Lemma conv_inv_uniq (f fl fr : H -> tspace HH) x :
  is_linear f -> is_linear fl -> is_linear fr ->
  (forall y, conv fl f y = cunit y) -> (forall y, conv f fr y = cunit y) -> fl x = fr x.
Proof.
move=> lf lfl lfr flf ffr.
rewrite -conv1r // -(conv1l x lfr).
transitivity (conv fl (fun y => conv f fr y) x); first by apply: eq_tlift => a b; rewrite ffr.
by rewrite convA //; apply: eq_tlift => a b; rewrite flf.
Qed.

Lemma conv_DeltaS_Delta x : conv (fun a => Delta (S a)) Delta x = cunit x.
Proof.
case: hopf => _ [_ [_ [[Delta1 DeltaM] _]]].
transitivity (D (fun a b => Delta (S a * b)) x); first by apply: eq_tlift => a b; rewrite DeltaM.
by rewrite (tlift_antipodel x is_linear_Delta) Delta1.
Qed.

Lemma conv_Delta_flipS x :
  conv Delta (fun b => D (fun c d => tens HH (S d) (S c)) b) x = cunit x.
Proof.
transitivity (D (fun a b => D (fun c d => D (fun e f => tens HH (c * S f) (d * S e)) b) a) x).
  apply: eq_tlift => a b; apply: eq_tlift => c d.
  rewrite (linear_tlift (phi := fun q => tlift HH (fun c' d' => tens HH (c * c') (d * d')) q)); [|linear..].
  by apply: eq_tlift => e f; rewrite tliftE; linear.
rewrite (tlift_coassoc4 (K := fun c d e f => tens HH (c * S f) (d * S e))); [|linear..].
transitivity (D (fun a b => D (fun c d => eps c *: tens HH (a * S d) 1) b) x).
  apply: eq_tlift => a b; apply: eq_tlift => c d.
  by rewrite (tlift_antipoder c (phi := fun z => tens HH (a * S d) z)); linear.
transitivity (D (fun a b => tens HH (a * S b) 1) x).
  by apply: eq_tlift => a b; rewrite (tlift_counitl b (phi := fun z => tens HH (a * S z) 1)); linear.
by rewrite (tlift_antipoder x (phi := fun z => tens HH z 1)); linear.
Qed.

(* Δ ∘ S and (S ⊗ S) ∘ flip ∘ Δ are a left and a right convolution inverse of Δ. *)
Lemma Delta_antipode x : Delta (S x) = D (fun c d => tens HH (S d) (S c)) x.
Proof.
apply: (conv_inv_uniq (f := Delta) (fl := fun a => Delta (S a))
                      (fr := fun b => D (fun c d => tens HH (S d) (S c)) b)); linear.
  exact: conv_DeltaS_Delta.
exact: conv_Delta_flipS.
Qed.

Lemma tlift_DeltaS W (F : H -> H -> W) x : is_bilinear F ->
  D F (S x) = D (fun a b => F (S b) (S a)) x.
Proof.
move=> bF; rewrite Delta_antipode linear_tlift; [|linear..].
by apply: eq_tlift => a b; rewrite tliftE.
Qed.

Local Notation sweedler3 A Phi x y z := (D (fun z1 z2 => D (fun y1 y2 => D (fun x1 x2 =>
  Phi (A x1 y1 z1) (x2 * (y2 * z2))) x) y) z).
____
§ **EXERCISE OBJECTIVE**
Above are the records; repeat exactly the lines from the one holding "is_linear f ->" down to the one holding "case: hopf => _ [_ [_ [[Delta1 DeltaM] _]]].", end lines included.

§ **SOLUTION BELOW**
  is_linear f -> is_linear fl -> is_linear fr ->
  (forall y, conv fl f y = cunit y) -> (forall y, conv f fr y = cunit y) -> fl x = fr x.
Proof.
move=> lf lfl lfr flf ffr.
rewrite -conv1r // -(conv1l x lfr).
transitivity (conv fl (fun y => conv f fr y) x); first by apply: eq_tlift => a b; rewrite ffr.
by rewrite convA //; apply: eq_tlift => a b; rewrite flf.
Qed.

Lemma conv_DeltaS_Delta x : conv (fun a => Delta (S a)) Delta x = cunit x.
Proof.
case: hopf => _ [_ [_ [[Delta1 DeltaM] _]]].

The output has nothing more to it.